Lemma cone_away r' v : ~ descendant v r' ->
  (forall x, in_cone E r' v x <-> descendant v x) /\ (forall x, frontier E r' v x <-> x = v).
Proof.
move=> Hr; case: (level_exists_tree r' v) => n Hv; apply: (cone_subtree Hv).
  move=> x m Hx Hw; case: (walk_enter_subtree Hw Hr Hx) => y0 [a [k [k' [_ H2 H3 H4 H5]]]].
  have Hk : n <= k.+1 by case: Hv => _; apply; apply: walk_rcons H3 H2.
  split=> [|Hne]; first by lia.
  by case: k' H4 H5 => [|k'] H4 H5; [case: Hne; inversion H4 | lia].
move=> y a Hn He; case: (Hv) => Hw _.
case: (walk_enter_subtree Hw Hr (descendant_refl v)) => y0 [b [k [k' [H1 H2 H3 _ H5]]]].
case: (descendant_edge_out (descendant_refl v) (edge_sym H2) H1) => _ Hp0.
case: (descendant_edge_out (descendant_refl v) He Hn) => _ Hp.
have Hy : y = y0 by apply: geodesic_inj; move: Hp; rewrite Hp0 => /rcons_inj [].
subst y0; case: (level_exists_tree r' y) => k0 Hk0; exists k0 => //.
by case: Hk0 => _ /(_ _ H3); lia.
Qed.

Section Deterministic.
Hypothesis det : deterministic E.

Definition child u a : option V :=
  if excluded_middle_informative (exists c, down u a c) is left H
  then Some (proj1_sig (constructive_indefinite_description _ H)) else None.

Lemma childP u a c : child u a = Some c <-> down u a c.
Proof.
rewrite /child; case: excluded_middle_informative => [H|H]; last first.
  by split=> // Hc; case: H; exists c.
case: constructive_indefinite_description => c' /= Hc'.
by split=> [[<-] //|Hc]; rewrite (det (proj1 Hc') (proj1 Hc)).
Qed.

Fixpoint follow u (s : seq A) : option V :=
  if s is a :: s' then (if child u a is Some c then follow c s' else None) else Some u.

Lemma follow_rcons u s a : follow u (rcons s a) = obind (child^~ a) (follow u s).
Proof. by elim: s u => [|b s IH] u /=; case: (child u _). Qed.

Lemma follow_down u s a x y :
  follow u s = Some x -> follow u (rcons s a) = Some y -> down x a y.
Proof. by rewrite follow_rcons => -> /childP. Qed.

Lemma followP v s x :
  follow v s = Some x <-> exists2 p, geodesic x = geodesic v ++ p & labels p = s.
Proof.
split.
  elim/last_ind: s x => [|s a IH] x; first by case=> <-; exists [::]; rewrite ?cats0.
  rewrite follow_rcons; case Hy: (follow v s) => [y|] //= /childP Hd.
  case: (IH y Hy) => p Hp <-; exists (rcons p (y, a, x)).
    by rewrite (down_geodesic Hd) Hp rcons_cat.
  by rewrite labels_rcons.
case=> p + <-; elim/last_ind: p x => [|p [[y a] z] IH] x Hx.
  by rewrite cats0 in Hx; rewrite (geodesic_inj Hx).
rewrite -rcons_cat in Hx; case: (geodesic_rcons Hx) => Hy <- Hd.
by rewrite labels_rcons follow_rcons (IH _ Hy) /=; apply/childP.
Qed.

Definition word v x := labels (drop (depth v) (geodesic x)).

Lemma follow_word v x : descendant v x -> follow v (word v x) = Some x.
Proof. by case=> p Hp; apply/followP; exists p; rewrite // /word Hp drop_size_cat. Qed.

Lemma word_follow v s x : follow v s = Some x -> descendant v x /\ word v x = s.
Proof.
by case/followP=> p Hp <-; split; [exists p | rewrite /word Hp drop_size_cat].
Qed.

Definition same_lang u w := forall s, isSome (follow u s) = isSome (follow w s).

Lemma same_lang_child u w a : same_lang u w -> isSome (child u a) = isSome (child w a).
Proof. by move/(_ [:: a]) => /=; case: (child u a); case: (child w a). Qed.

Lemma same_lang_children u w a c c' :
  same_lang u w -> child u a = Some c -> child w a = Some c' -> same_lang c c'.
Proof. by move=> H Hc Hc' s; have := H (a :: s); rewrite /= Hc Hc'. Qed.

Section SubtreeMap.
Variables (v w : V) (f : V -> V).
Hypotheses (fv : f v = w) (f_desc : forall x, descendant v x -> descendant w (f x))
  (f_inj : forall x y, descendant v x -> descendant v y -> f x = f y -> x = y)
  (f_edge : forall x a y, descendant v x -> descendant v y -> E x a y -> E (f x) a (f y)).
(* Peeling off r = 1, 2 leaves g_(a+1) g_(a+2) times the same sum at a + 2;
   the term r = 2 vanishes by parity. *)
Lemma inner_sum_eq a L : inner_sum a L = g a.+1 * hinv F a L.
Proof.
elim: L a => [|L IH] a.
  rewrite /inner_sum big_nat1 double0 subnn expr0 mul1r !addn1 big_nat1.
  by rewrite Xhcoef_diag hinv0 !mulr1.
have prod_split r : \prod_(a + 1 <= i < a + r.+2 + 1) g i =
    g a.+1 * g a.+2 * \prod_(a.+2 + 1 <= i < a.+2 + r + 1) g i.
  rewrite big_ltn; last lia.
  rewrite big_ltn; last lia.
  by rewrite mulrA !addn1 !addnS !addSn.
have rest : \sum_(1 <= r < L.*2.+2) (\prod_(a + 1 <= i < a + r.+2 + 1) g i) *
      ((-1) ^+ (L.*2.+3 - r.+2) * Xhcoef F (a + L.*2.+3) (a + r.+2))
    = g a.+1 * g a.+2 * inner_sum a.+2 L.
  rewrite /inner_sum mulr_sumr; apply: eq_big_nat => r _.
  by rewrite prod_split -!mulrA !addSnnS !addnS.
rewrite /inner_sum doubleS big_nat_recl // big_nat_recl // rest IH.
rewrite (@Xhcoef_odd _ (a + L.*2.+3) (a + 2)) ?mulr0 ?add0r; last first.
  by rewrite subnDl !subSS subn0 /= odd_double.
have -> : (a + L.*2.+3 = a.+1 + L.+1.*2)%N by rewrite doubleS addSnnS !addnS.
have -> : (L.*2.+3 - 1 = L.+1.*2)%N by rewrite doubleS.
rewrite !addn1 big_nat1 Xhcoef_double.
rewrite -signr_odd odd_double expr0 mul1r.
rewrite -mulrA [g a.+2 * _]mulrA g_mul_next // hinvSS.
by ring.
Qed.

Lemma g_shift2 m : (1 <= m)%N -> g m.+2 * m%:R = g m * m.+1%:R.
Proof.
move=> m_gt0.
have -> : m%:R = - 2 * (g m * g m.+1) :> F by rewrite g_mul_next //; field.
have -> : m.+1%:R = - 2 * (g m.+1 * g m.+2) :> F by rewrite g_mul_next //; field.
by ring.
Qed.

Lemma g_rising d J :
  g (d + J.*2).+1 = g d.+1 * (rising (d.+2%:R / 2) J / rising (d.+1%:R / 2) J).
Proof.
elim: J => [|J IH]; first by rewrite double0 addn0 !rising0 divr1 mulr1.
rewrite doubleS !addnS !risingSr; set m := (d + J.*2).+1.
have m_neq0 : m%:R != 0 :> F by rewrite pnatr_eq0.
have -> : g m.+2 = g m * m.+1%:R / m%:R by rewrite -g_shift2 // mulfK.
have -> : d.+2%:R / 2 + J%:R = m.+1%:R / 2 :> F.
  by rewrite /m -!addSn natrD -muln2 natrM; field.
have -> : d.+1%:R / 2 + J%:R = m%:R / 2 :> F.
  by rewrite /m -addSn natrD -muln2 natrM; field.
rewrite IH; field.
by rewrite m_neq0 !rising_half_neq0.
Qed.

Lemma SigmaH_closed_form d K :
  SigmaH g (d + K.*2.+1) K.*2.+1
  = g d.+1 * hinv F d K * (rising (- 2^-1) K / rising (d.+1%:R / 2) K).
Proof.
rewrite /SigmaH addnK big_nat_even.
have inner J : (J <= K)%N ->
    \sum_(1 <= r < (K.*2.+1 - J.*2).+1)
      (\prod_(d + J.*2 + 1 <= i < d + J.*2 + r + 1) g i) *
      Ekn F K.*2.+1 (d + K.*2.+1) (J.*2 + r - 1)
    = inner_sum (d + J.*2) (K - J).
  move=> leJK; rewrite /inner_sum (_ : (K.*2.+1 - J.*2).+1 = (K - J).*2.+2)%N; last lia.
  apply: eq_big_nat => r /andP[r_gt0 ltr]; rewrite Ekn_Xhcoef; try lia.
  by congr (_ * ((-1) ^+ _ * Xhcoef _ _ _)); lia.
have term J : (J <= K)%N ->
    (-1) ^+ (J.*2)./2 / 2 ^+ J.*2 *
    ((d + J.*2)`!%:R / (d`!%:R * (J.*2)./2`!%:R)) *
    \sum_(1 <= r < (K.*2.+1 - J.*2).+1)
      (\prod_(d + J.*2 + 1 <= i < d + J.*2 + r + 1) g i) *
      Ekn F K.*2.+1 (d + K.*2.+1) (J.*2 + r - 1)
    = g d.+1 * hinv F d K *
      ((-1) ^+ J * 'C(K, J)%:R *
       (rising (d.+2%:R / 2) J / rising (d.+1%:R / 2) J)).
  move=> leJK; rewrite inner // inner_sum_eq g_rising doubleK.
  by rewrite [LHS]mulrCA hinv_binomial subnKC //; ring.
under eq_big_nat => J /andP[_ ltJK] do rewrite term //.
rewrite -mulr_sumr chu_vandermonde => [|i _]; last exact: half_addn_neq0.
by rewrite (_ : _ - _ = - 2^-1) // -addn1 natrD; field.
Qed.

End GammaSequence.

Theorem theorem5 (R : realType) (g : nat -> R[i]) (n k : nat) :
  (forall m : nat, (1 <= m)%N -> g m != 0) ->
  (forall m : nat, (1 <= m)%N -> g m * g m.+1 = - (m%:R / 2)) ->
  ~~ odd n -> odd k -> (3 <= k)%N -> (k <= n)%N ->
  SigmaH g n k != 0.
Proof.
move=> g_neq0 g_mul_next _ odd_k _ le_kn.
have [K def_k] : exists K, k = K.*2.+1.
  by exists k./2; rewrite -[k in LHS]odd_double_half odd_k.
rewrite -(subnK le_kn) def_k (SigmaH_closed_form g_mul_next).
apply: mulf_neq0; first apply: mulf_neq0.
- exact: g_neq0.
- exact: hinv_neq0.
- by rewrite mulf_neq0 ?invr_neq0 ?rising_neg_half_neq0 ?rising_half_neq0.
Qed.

^^^^^^^^

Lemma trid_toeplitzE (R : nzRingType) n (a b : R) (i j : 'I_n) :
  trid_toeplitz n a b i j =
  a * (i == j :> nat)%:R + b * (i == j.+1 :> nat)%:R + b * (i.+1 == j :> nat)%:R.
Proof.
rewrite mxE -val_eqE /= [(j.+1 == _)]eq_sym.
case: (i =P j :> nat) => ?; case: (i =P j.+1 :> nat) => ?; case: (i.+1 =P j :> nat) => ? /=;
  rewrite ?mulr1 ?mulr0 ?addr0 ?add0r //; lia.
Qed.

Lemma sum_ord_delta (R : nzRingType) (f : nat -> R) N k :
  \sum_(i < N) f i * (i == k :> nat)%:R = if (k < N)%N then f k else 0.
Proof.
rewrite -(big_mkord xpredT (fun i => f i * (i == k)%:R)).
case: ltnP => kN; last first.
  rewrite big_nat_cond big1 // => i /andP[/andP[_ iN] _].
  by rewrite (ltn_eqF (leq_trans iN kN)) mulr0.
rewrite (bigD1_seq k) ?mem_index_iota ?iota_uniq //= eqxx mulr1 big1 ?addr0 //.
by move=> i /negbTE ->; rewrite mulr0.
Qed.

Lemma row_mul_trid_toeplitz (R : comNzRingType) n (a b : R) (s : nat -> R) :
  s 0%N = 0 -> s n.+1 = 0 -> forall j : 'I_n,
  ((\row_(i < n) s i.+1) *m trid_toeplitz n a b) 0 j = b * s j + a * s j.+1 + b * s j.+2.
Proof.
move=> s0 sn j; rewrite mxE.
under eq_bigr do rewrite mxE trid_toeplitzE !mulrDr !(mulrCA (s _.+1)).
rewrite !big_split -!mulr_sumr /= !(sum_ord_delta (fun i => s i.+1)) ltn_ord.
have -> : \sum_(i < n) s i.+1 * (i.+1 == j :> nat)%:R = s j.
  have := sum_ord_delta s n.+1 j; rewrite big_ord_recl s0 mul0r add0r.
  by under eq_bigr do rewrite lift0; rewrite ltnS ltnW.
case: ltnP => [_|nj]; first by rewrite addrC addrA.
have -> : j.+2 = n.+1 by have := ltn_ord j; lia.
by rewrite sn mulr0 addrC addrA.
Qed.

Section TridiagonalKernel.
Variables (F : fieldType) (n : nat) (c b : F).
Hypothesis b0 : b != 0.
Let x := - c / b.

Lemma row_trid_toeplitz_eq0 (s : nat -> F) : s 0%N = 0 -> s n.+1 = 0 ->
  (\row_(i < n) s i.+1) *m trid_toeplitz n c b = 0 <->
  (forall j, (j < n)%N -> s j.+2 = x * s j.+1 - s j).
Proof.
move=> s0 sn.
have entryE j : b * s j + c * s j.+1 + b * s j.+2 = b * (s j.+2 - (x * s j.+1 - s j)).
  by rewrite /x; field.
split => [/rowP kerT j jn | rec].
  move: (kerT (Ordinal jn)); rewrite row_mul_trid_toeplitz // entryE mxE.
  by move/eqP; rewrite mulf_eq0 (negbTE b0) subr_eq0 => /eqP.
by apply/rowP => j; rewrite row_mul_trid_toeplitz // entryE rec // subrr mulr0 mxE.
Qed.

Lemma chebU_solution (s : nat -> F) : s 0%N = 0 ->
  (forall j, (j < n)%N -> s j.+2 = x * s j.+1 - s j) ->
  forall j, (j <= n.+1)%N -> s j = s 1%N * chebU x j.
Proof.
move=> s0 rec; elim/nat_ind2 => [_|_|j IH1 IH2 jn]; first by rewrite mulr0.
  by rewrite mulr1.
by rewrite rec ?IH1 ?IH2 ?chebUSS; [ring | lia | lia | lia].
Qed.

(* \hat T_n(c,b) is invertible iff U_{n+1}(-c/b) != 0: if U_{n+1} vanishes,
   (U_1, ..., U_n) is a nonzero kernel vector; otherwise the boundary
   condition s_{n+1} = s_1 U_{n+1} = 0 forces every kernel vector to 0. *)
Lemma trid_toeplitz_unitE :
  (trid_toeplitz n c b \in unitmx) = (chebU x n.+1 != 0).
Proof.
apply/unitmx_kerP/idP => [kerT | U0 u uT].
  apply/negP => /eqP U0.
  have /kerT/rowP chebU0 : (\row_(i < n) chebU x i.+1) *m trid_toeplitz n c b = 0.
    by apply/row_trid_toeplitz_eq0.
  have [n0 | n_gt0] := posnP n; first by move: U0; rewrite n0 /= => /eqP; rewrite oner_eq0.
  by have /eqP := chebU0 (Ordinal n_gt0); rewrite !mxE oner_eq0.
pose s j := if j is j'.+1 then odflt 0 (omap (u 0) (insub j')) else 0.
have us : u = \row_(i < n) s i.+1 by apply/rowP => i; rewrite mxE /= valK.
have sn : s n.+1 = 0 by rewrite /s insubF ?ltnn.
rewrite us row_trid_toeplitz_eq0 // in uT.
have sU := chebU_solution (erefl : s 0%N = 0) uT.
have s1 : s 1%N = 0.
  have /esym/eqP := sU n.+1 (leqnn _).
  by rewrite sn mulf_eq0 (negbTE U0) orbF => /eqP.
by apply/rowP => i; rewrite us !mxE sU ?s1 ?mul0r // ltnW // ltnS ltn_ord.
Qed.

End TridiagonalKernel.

^^^^^^^^

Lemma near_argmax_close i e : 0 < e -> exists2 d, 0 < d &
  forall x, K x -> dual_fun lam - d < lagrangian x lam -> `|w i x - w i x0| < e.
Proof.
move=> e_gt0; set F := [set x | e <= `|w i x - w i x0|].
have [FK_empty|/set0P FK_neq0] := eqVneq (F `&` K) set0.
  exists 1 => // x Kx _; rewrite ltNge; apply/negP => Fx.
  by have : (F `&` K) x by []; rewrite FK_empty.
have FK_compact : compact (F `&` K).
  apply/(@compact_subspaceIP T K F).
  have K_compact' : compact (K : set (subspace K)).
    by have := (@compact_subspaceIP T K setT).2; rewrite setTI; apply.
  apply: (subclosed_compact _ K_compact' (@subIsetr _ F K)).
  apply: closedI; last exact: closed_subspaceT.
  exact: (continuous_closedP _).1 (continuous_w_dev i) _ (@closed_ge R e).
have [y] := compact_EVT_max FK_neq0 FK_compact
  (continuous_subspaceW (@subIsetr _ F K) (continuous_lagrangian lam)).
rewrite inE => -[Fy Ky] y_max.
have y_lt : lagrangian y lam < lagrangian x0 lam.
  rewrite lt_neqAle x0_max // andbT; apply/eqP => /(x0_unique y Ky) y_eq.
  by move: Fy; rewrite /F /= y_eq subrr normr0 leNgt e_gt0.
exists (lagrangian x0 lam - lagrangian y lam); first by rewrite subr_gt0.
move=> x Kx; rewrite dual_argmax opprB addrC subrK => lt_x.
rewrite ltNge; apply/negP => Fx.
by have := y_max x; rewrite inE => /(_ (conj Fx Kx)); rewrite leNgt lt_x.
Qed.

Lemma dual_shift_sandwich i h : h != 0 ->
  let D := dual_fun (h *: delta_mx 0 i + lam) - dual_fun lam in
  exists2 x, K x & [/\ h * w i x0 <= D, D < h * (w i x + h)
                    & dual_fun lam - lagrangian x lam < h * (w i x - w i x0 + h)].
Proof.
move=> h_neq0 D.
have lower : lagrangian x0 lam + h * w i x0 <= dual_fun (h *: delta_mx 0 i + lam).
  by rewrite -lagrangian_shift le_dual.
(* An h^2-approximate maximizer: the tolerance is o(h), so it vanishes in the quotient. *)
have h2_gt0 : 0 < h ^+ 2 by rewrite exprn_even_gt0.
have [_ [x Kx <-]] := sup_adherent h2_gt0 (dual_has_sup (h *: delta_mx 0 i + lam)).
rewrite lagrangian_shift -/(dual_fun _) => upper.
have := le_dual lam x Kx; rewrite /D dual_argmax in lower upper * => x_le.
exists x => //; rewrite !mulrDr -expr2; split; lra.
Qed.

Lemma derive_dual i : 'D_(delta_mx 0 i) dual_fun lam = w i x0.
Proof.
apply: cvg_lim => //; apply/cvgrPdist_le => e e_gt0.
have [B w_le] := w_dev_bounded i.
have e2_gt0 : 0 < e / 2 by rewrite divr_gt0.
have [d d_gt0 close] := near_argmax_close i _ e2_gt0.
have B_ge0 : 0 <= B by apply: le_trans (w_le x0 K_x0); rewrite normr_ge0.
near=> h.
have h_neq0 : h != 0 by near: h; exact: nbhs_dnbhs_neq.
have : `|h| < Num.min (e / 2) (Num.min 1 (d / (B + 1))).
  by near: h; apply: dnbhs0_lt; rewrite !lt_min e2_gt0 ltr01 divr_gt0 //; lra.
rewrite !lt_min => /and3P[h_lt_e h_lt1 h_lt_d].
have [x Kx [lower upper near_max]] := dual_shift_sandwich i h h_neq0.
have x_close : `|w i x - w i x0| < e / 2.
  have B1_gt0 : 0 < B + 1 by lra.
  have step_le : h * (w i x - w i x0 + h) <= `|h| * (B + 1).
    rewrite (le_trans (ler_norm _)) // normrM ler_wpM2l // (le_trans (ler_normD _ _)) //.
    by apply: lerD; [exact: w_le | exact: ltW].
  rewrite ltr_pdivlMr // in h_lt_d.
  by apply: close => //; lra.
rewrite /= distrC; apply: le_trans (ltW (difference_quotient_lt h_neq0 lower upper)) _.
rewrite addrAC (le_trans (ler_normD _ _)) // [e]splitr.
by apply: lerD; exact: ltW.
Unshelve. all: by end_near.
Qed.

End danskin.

^^^^^^^^

_EXERCISE_
Using the records above, restate word for word the lines from the one with "Lemma cone_away r' v : ~ descendant v r' ->" through the one with "case: constructive_indefinite_description =>", both included.

_EXERCISE RESPONSE_
Lemma cone_away r' v : ~ descendant v r' ->
  (forall x, in_cone E r' v x <-> descendant v x) /\ (forall x, frontier E r' v x <-> x = v).
Proof.
move=> Hr; case: (level_exists_tree r' v) => n Hv; apply: (cone_subtree Hv).
  move=> x m Hx Hw; case: (walk_enter_subtree Hw Hr Hx) => y0 [a [k [k' [_ H2 H3 H4 H5]]]].
  have Hk : n <= k.+1 by case: Hv => _; apply; apply: walk_rcons H3 H2.
  split=> [|Hne]; first by lia.
  by case: k' H4 H5 => [|k'] H4 H5; [case: Hne; inversion H4 | lia].
move=> y a Hn He; case: (Hv) => Hw _.
case: (walk_enter_subtree Hw Hr (descendant_refl v)) => y0 [b [k [k' [H1 H2 H3 _ H5]]]].
case: (descendant_edge_out (descendant_refl v) (edge_sym H2) H1) => _ Hp0.
case: (descendant_edge_out (descendant_refl v) He Hn) => _ Hp.
have Hy : y = y0 by apply: geodesic_inj; move: Hp; rewrite Hp0 => /rcons_inj [].
subst y0; case: (level_exists_tree r' y) => k0 Hk0; exists k0 => //.
by case: Hk0 => _ /(_ _ H3); lia.
Qed.

Section Deterministic.
Hypothesis det : deterministic E.

Definition child u a : option V :=
  if excluded_middle_informative (exists c, down u a c) is left H
  then Some (proj1_sig (constructive_indefinite_description _ H)) else None.

Lemma childP u a c : child u a = Some c <-> down u a c.
Proof.
rewrite /child; case: excluded_middle_informative => [H|H]; last first.
  by split=> // Hc; case: H; exists c.
case: constructive_indefinite_description => c' /= Hc'.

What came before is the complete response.